Okay, so my book is horrible and it doesnt explain things very well and i cant seem to find my answer anywhere online.

I wont write out the example in the book since i think its irrelevant and way to long. I am struggling with the notation and how they get the answer.

$\displaystyle f(0) = P(X=0) = \frac{\left[\begin{array}{cc}3 \\0 \\\end{array}\right] \left[\begin{array}{cc}17 \\2 \\\end{array}\right]}{\left[\begin{array}{cc}20 \\2 \\\end{array}\right]} = \frac{68}{95}$

I m very confused on how they got the answer.
I think the (3 0 ) = 0?

Can someone please explain and
work this out because i am completely lost and i am sure its easy.
I am wiling to look at a webpage if i knew what to look up.

Thank you

2. ## Re: Discrete probobility distributions

Originally Posted by icelated
Okay, so my book is horrible and it doesnt explain things very well and i cant seem to find my answer anywhere online.
I wont write out the example in the book since i think its irrelevant and way to long. I am struggling with the notation and how they get the answer.
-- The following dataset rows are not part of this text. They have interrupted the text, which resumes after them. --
Lemma slope_lipschitz z z' : eball p0 r z -> eball p0 r z' ->
  `|slope1 z' - slope1 z| <= 2 * L * enorm (z' - z) /\
  `|slope2 z' - slope2 z| <= 2 * L * enorm (z' - z).
Proof.
move=> hz hz'; have [z1 z2] := chart_box hz; have [z1' z2'] := chart_box hz'.
have [d1 d2 _] := frame_le_enorm (z' - z); rewrite -!coordB in d1 d2.
have [s1 s2] := hLip z1' z2' z1 z2.
have dist : L * (`|coord b1 z' - coord b1 z| + `|coord b2 z' - coord b2 z|)
    <= 2 * L * enorm (z' - z) by rewrite [2 * L]mulrC -mulrA ler_wpM2l ?(ltW hL) //; lra.
by split; [apply: le_trans s1 dist | apply: le_trans s2 dist].
Qed.

Lemma normal_speedB z w w' : normal_speed z (w - w') = normal_speed z w - normal_speed z w'.
Proof. by rewrite /normal_speed !dotBl; ring. Qed.

Lemma normal_speedZ z a w : normal_speed z (a *: w) = a * normal_speed z w.
Proof. by rewrite /normal_speed !dotZl; ring. Qed.

Lemma tangential1B z w w' : tangential1 z (w - w') = tangential1 z w - tangential1 z w'.
Proof. by rewrite /tangential1 !dotBl; ring. Qed.

Lemma tangential2B z w w' : tangential2 z (w - w') = tangential2 z w - tangential2 z w'.
Proof. by rewrite /tangential2 !dotBl; ring. Qed.

Lemma height_taylor z z' : eball p0 r z -> eball p0 r z' ->
  `|height z' - height z - normal_speed z (z' - z)| <= 2 * L * enorm (z' - z) ^+ 2.
Proof.
move=> hz hz'; have [z1 z2] := chart_box hz; have [z1' z2'] := chart_box hz'.
set q1 := dot (z' - z) b1; set q2 := dot (z' - z) b2; set q3 := dot (z' - z) b3.
have e1 : coord b1 z' = coord b1 z + q1 by rewrite /q1 -coordB addrC subrK.
have e2 : coord b2 z' = coord b2 z + q2 by rewrite /q2 -coordB addrC subrK.
have e3 : coord b3 z' = coord b3 z + q3 by rewrite /q3 -coordB addrC subrK.
rewrite e1 e2 in z1' z2'.
have T := grad_lipschitz_taylor hf (ltW hL) hLip z1 z2 z1' z2'.
have -> : height z' - height z - normal_speed z (z' - z) =
    - (f (coord b1 z + q1) (coord b2 z + q2) - f (coord b1 z) (coord b2 z) -
       (pd1 f (coord b1 z) (coord b2 z) * q1 + pd2 f (coord b1 z) (coord b2 z) * q2)).
  by rewrite /height /normal_speed /slope1 /slope2 e1 e2 e3 -/q1 -/q2 -/q3; ring.
rewrite normrN; apply: le_trans T _.
have := sqr_enorm (z' - z); rewrite (dot_frame (z' - z)) -/q1 -/q2 -/q3 => E.
have : (`|q1| + `|q2|) ^+ 2 <= 2 * enorm (z' - z) ^+ 2.
  rewrite E -!expr2 -(real_normK (num_real q1)) -(real_normK (num_real q2)).
  by have := sqr_ge0 (`|q1| - `|q2|); have := sqr_ge0 q3; nra.
by move=> S; rewrite [2 * L]mulrC -mulrA ler_wpM2l // ltW.
Qed.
$\displaystyle f(0) = P(X=0) = \frac{\left[\begin{array}{cc}3 \\0 \\\end{array}\right] \left[\begin{array}{cc}17 \\2 \\\end{array}\right]}{\left[\begin{array}{cc}20 \\2 \\\end{array}\right]} = \frac{68}{95}$
I m very confused on how they got the answer.
I think the (3 0 ) = 0?
Your textbook may well be 'horrible' but so is the way you have posted this question.
The fact that you chose not to post the actual question is horrible.

First of all, I assume that those 'square brackets' are really meant to be binomial coefficients.
But note that $\displaystyle \binom{K}{0}=1,~K\in\mathbb{N}~.$.

So what is the actual question?